If all of the above criteria are met, the university may grant to the sponsor a certain range of rights to inventions made by university researchers in the direct performance of the clinical trial protocol. The terms contained in the standard clinical trial agreement are used for Phase III or IV trials meeting the above criteria and involving little or no investigator involvement in the conception or development of the protocol. However, the university reviews patent terms on a case-by-case basis and prefers to do so with a thorough understanding of the work contemplated.
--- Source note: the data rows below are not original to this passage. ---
Definition gunion (V V' : finType) (G : game V) (G' : game V') : game (V + V')%type :=
  Game ([set (@inl V V') @: e | e : {set V} in blue G] :|: [set (@inr V V') @: e | e : {set V'} in blue G'])
       ([set (@inl V V') @: e | e : {set V} in red G] :|: [set (@inr V V') @: e | e : {set V'} in red G']).

Definition filled (V : finType) (E : {set {set V}}) (A : {set V}) : Prop :=
  exists2 e, e \in E & e \subset A.

Section Play.
Variables (V : finType) (G : game V).

(* Positions: L = vertices picked by Left, R = vertices picked by Right,
   no edge filled yet.  lwinL L R: Left, to move, can force a Left win;
   lwinR L R: Right to move, Left can force a Left win. *)
Inductive lwinL : {set V} -> {set V} -> Prop :=
| LwinL L R v : v \notin L :|: R ->
    (filled (blue G) (v |: L) \/ lwinR (v |: L) R) -> lwinL L R
with lwinR : {set V} -> {set V} -> Prop :=
| LwinR L R : (exists w, w \notin L :|: R) ->
    (forall w, w \notin L :|: R ->
        ~ filled (red G) (w |: R) /\ lwinL L (w |: R)) -> lwinR L R.

Definition left_wins_first : Prop := lwinL set0 set0.

(* Scoring game with passes for Right.  ldelL k L R (Left to move) /
   ldelR k L R (Right to move): Left can force that she fills a blue edge
   with Right making at most k further passes (i.e. score <= k from here). *)
Inductive ldelL : nat -> {set V} -> {set V} -> Prop :=
| LdelL k L R v : v \notin L :|: R ->
    (filled (blue G) (v |: L) \/ ldelR k (v |: L) R) -> ldelL k L R
with ldelR : nat -> {set V} -> {set V} -> Prop :=
| LdelR k L R : (exists w, w \notin L :|: R) ->
    (forall w, w \notin L :|: R ->
        ~ filled (red G) (w |: R) /\ ldelL k L (w |: R)) ->
    (* Right passing: costs one unit of the budget *)
    (exists2 k', k = k'.+1 & ldelL k' L R) ->
    ldelR k L R.

Definition left_delay (d : nat) : Prop :=
  ldelL d set0 set0 /\ forall k, ldelL k set0 set0 -> d <= k.

End Play.

Definition right_wins_first (V : finType) (G : game V) : Prop :=
  left_wins_first (swap G).
Definition right_delay (V : finType) (G : game V) (d : nat) : Prop :=
  left_delay (swap G) d.

From Stdlib Require Import Classical.
From mathcomp Require Import all_boot.

Set Implicit Arguments. Unset Strict Implicit. Unset Printing Implicit Defensive.

(* Left plays her delay strategy on G and treats every move of Right on G' as
   a pass.  She keeps the invariant that the number b of passes she can still
   afford on G is at most Right's remaining delay on G'.  After Right moves on
   G', Left either answers on G' without lowering that delay, or she can afford
   to pass on G' and plays on G; if neither is possible, Right's delay on G'
   would already be below b. *)

Lemma ltn_card_setC_setU1 (T : finType) (P : {set T}) x :
  x \notin P -> #|~: (x |: P)| < #|~: P|.
Proof.
move=> hx; rewrite (cardsD1 x (~: P)) inE hx add1n ltnS.
by rewrite setCU setIC -setDE.
Qed.

Section Delay.
Variables (V : finType) (G : game V).

Lemma ldelL_inv k L R : ldelL G k L R ->
  exists2 v, v \notin L :|: R &
    filled (blue G) (v |: L) \/ ldelR G k (v |: L) R.
Proof. by case=> k0 L0 R0 v hv h; exists v. Qed.

Lemma ldelR_inv k L R : ldelR G k L R ->
  [/\ exists w, w \notin L :|: R,
      forall w, w \notin L :|: R ->
        ~ filled (red G) (w |: R) /\ ldelL G k L (w |: R)
    & exists2 k', k = k'.+1 & ldelL G k' L R].
Proof. by case=> k0 L0 R0 h1 h2 h3; split. Qed.

Lemma ldelR0 L R : ~ ldelR G 0 L R.
Proof. by case/ldelR_inv=> _ _ []. Qed.

Lemma ldel_leq n k m L R : #|~: (L :|: R)| < n -> k <= m ->
  (ldelL G k L R -> ldelL G m L R) /\ (ldelR G k L R -> ldelR G m L R).
Proof.
elim: n => [// | n IH] in k m L R *; rewrite ltnS => hn km.
have moveL k0 m0 : k0 <= m0 -> ldelL G k0 L R -> ldelL G m0 L R.
  move=> km0 /ldelL_inv [v hv hvL]; apply: (LdelL (v := v)) => //.
  have hvn : #|~: (v |: L :|: R)| < n.
    by apply: leq_trans hn; rewrite -setUA; apply: ltn_card_setC_setU1.
  by case: hvL => [| /(proj2 (IH _ _ _ _ hvn km0))]; [left | right].
split; first exact: moveL.
case/ldelR_inv=> hex hall [k' ek' hk']; subst k; apply: LdelR => //.
  move=> w hw; have [hnf hwk] := hall w hw; split=> //.
  have hwn : #|~: (L :|: (w |: R))| < n.
    by apply: leq_trans hn; rewrite setUCA; apply: ltn_card_setC_setU1.
  exact: (proj1 (IH _ _ _ _ hwn km)).
by case: m km => // m km; exists m => //; apply: moveL hk'.
Qed.

Lemma ldelL_leq k m L R : k <= m -> ldelL G k L R -> ldelL G m L R.
Proof. by move=> km; case: (@ldel_leq #|~: (L :|: R)|.+1 k m L R). Qed.

Lemma ldelR_of_replies k L R :
  (forall w, w \notin L :|: R ->
     ~ filled (red G) (w |: R) /\ exists2 c, c <= k & ldelL G c L (w |: R)) ->
  (exists2 c, c < k & ldelL G c L R) ->
  ldelR G k L R.
Proof.
move=> hall [c ck hc]; apply: LdelR.
- by have [w hw _] := ldelL_inv hc; exists w.
- by move=> w /hall [hnf [c' c'k hc']]; split; last exact: ldelL_leq hc'.
- by case: k hall ck => // k _ ck; exists k => //; exact: ldelL_leq hc.
Qed.

End Delay.

Lemma not_lower_bound (P : nat -> Prop) b :
  ~ (forall c, P c -> b <= c) -> exists2 c, c < b & P c.
Proof.
move=> nlb; apply: NNPP => nex; apply: nlb => c hc.
by rewrite leqNgt; apply/negP => cb; apply: nex; exists c.
Qed.

Lemma not_filled_set0 (T : finType) (E : {set {set T}}) :
  set0 \notin E -> ~ filled E set0.
Proof. by move=> hE [e he]; rewrite subset0 => /eqP e0; rewrite -e0 he in hE. Qed.

(* H is the disjoint union of A and B, where B enters with its roles swapped:
   Left of H is Left of A and Right of B. *)
Section Union.
Variables (X Y W : finType) (H : game W) (A : game X) (B : game Y).
Variables (iA : X -> W) (iB : Y -> W).
Hypothesis iA_inj : injective iA.
Hypothesis iB_inj : injective iB.
Hypothesis iAB_neq : forall x y, iA x != iB y.
Hypothesis iAB_cover : forall w, (exists x, w = iA x) \/ (exists y, w = iB y).
Hypothesis blueH :
  blue H = [set iA @: e | e : {set X} in blue A] :|: [set iB @: e | e : {set Y} in red B].
Hypothesis redH :
  red H = [set iA @: e | e : {set X} in red A] :|: [set iB @: e | e : {set Y} in blue B].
California Education Code Section 92000 provides that the name “University of California” is the property of the state of California, and either the name, or any abbreviation of it may not be used by anyone without the permission of the Regents of the University of California. Consequently, the use of the university’s name to suggest that it endorses a product or service is not allowed. However, a sponsor may use the university’s name to fulfill their obligations as required by law, or by otherwise requesting prior written approval from the university.
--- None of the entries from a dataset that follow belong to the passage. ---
(* Let $S=\{a_i \bmod d_i : 1\le i\le r\}$ be an exact covering system and $G_S$ its exact covering system digraph, with predecessor function $P$. Then for every $n\in\mathbb{Z}$ there is an ancestor $m$ of $n$ such that $|P(m)|\ge |m|$. Moreover, if the degree $r$ of $G_S$ is at least $2$, there exists $N\in\mathbb{N}$ such that for every $m\in\mathbb{Z}$ with $|P(m)|\ge|m|$ we have $|m|\le N$.
   Context: A system of congruences $S=\{a_i \bmod d_i : 1\le i\le r\}$ with integers $a_i$ and nonzero integers $d_i$ (negative $d_i$ allowed; $n\equiv a \bmod -d$ means $n\equiv a\bmod d$) is an exact covering system if every integer satisfies exactly one of the congruences; congruences are distinguished by their chosen representatives $a_i$. The exact covering system digraph $G_S$ has vertex set $\mathbb{Z}$ and edges $(n,d_in+a_i)$ for all $n\in\mathbb{Z}$, $1\le i\le r$; $r$ is its degree. Every vertex has indegree exactly one, and the predecessor $P(n)$ is the unique integer with $(P(n),n)$ an edge. $P^k$ denotes the $k$-fold composition; $m$ is an ancestor of $n$ if $m=P^k(n)$ for some $k\in\mathbb{N}$. *)

From mathcomp Require Import all_boot all_order all_algebra.
Set Implicit Arguments. Unset Strict Implicit. Unset Printing Implicit Defensive.
Import Order.TTheory GRing.Theory Num.Theory.
Local Open Scope ring_scope.

(* A system of congruences: a finite list of pairs (a_i, d_i) : int * int,
   meaning n = a_i (mod d_i).  Congruences are indexed by their position. *)
Definition congr_system := seq (int * int).

Definition satisfies (c : int * int) (n : int) : bool := (c.2 %| n - c.1)%Z.

Definition exact_covering (S : congr_system) : Prop :=
  all (fun c => c.2 != 0) S /\
  forall n : int, count (fun c => satisfies c n) S = 1%N.

Definition degree (S : congr_system) : nat := size S.

Definition edge (S : congr_system) (m n : int) : Prop :=
  exists2 c, c \in S & n = c.2 * m + c.1.

(* P is the predecessor function of G_S: (P n, n) is an edge for every n.
   (Indegree is exactly one for an exact covering system, so P is unique.) *)
Definition is_predecessor (S : congr_system) (P : int -> int) : Prop :=
  forall n : int, edge S (P n) n.

Definition ancestor (P : int -> int) (m n : int) : Prop :=
  exists k : nat, m = iter k P n.

From mathcomp Require Import all_boot all_order all_algebra zify lra.
Import Order.TTheory GRing.Theory Num.Theory.
Local Open Scope ring_scope.

(* The norm cannot decrease strictly forever along n, P n, P (P n), ..., which
   gives the ancestor.  When r >= 2 no modulus is a unit: such a congruence is
   satisfied by every integer, so the residue of any other congruence would be
   covered twice.  Then m = d P(m) + a and |m| <= |P m| give
   2 |P m| <= |m - a| <= |P m| + |a|, so |m| <= |a| is bounded by the largest
   residue. *)

Lemma ancestor_refl (P : int -> int) (n : int) : ancestor P n n.
Proof. by exists 0%N. Qed.

Lemma ancestor_pred (P : int -> int) (m n : int) :
  ancestor P m (P n) -> ancestor P m n.
Proof. by case=> k ->; exists k.+1; rewrite iterSr. Qed.

Lemma exists_ancestor_norm_le_pred (P : int -> int) (n : int) :
  exists m : int, ancestor P m n /\ `|m| <= `|P m|.
Proof.
have [k] := ubnP `|n|%N; elim: k n => // k IH n /ltnSE le_nk.
have [le_nPn | lt_Pnn] := leP `|n| `|P n|.
  by exists n; split; first exact: ancestor_refl.
have [|m [anc_m le_m]] := IH (P n); first by move: lt_Pnn le_nk; rewrite -!abszE; lia.
by exists m; split; first exact: ancestor_pred.
Qed.

Lemma norm_le_offset (R : realDomainType) (d p a : R) :
  2 <= `|d| -> `|d * p + a| <= `|p| -> `|d * p + a| <= `|a|.
Proof.
move=> ge2_d le_p; set m := d * p + a in le_p *.
have le_dp : `|d| * `|p| <= `|m| + `|a| by rewrite -normrM -(addrK a (d * p)) ler_normB.
have le_2p : 2 * `|p| <= `|d| * `|p| by rewrite ler_wpM2r.
lra.
Qed.

Lemma satisfies_residue (c : int * int) : satisfies c c.1.
Proof. by rewrite /satisfies subrr dvdz0. Qed.

Lemma satisfies_unit_modulus (c : int * int) (n : int) :
  `|c.2| = 1 -> satisfies c n.
Proof.
by move=> unit_c; rewrite /satisfies dvdzE (_ : `|c.2|%N = 1%N) ?dvd1n //; lia.
Qed.

Lemma exact_covering_modulus_ge2 {S : congr_system} {c : int * int} :
  exact_covering S -> (2 <= size S)%N -> c \in S -> 2 <= `|c.2|.
Proof.
move=> [nz_S cov_S] size_S cS.
have nz_c : c.2 != 0 by exact: (allP nz_S).
suff : `|c.2| != 1 by move: nz_c; rewrite -normr_eq0; lia.
apply/eqP=> unit_c.
have [[a' d'] c'S] : exists c', c' \in rem c S.
  by case: (rem c S) (size_rem cS) => [|c' s] /=; [lia | exists c'; rewrite mem_head].
have := cov_S a'; rewrite (permP (perm_to_rem cS)) /= satisfies_unit_modulus //=.
have : has (satisfies^~ a') (rem c S).
  by apply/hasP; exists (a', d'); last exact: satisfies_residue.
rewrite has_count; lia.
Qed.

Theorem mainTheorem4 (S : congr_system) (P : int -> int) :
  exact_covering S -> is_predecessor S P ->
  (forall n : int, exists m : int, ancestor P m n /\ `|m| <= `|P m|) /\
  ((2 <= degree S)%N ->
     exists N : nat, forall m : int, `|m| <= `|P m| -> `|m| <= N%:Z).
Proof.
move=> cov_S pred_P; split; first exact: exists_ancestor_norm_le_pred.
move=> size_S; exists (\max_(c <- S) `|c.1|%N) => m le_m.
have [c cS def_m] := pred_P m.
have ge2_c := exact_covering_modulus_ge2 cov_S size_S cS.
have le_a : `|m| <= `|c.1| by rewrite def_m norm_le_offset // -def_m.
by rewrite (le_trans le_a) // -abszE lez_nat (leq_bigmax_seq c).
Qed.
When conducting a sponsor-designed clinical trial protocol, the university is following the sponsor’s detailed instructions, as presented in the protocol for each clinical trial. As a public, non-profit educational institution, the university cannot bear the financial responsibility for any injury or damages resulting from the performance of the clinical trial. Consequently, the university requires that the sponsor maintain a policy or program of insurance sufficient to support this obligation. All clinical trial agreements with the university contain a provision detailing sponsor’s obligation to indemnify the university against all claims based on following sponsor’s directions in performance of the clinical trial. The sponsor’s obligation to assume all financial responsibility does not apply to injury or damage that are caused by: 1) caused by UC Davis’ failure to adhere to the protocol; 2) failure to comply with FDA or other governmental requirements; or 3) caused by the negligence of a faculty member or the university.
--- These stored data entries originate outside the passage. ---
Lemma inK_sum4sqr_eq0 x0 x1 x2 x3 : inK d x0 -> inK d x1 -> inK d x2 -> inK d x3 ->
  x0 ^+ 2 + x1 ^+ 2 + x2 ^+ 2 + x3 ^+ 2 = 0 -> [/\ x0 = 0, x1 = 0, x2 = 0 & x3 = 0].
Proof.
move=> [a0 [b0 ->]] [a1 [b1 ->]] [a2 [b2 ->]] [a3 [b3 ->]] E.
have /ratr_sqrt_negd_eq0[Eaa Eab] :
   ratr (a0 ^+ 2 + a1 ^+ 2 + a2 ^+ 2 + a3 ^+ 2 - d%:R * (b0 ^+ 2 + b1 ^+ 2 + b2 ^+ 2 + b3 ^+ 2))
   + ratr (2 * (a0 * b0 + a1 * b1 + a2 * b2 + a3 * b3)) * s = 0.
  rewrite -E !(rmorphD, rmorphN, rmorphM, rmorphXn) /= !rmorph_nat.
  have -> : (d%:R : algC) = - s ^+ 2 by rewrite sqrt_negd_sqr opprK.
  ring.
move/eqP: Eab; rewrite mulf_eq0 pnatr_eq0 /= => /eqP Eab.
have [[-> -> -> ->] [-> -> -> ->]] := orthogonal_sum4sqrq_eq0 d_mod8 Eab (subr0_eq Eaa).
by rewrite rmorph0 mul0r addr0.
Qed.

End QuadraticField.

Lemma qmulA a b c : qmul (qmul a b) c = qmul a (qmul b c).
Proof. by case: a b c => ? ? ? ? [? ? ? ?] [? ? ? ?]; rewrite /qmul /=; congr Quat; ring. Qed.

Lemma qmul1q a : qmul qone a = a.
Proof. by case: a => ? ? ? ?; rewrite /qmul /=; congr Quat; ring. Qed.

Lemma qmul_const a c : qmul a (qconst c) = qscale c a.
Proof. by case: a => ? ? ? ?; rewrite /qmul /qscale /=; congr Quat; ring. Qed.

Lemma qmul_scale a c b : qmul a (qscale c b) = qscale c (qmul a b).
Proof. by case: a b => ? ? ? ? [? ? ? ?]; rewrite /qmul /qscale /=; congr Quat; ring. Qed.

Lemma qscaleA c c' a : qscale c (qscale c' a) = qscale (c * c') a.
Proof. by case: a => ? ? ? ?; rewrite /qscale /=; congr Quat; ring. Qed.

Lemma qscale1 a : qscale 1 a = a.
Proof. by case: a => ? ? ? ?; rewrite /qscale /=; congr Quat; ring. Qed.

Lemma qmul_sqr u : qmul u u = qsub (qscale (2 * q1 u) u) (qconst (qnorm u)).
Proof. by case: u => ? ? ? ?; rewrite /qmul /qsub /qadd /qscale /qnorm /=; congr Quat; ring. Qed.

Lemma qpow1 u : qpow u 1 = u.
Proof. exact: qmul1q. Qed.

Lemma qpowSS u n : qpow u n.+2 = qmul (qpow u n) (qmul u u).
Proof. by rewrite /= qmulA. Qed.

Lemma qpow_const c n : qpow (qconst c) n = qconst (c ^+ n).
Proof. by elim: n => [|n IH] //=; rewrite IH qmul_const /qscale /= exprSr !mulr0 mulrC. Qed.

Lemma qconst_inj : injective qconst.
Proof. by move=> c c' [->]. Qed.

Lemma qmul_eigen u l : l ^+ 2 - 2 * q1 u * l + qnorm u = 0 ->
  qmul u (qsub u (qconst (2 * q1 u - l))) = qscale l (qsub u (qconst (2 * q1 u - l))).
Proof.
case: u => a b c e; rewrite /qnorm /= => root_l.
rewrite /qmul /qsub /qadd /qscale /=; congr Quat; try ring.
apply/eqP; rewrite -subr_eq0 -oppr_eq0; apply/eqP; rewrite -[RHS]root_l; ring.
Qed.

Lemma qpow_eigen u w l : qmul u w = qscale l w ->
  forall n, qmul (qpow u n) w = qscale (l ^+ n) w.
Proof.
move=> uw; elim=> [|n IH] /=; first by rewrite qmul1q qscale1.
by rewrite qmulA uw qmul_scale IH qscaleA exprSr mulrC.
Qed.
As a matter of university policy, in the case of subject injury resulting directly from study drug administration or any study procedures carried out in accordance with the sponsor-designed protocol, the university will provide reasonably necessary medical treatment. University policy specifically prohibits billing the subject or a third-party for the costs of treating such injuries. Therefore, the university requires reimbursement for the cost of such treatment from the sponsor, and all clinical trial agreements contain a corresponding provision. Human subject welfare is a primary concern for the university and exceptions to these terms cannot be accommodated.
The University of California is a constitutional corporation of the State of California and contract accepted by the university must be interpreted under California Law, excluding the conflicts of the laws provisions. The university will also consider contractual silence regarding this issue, but cannot negotiate any other terms.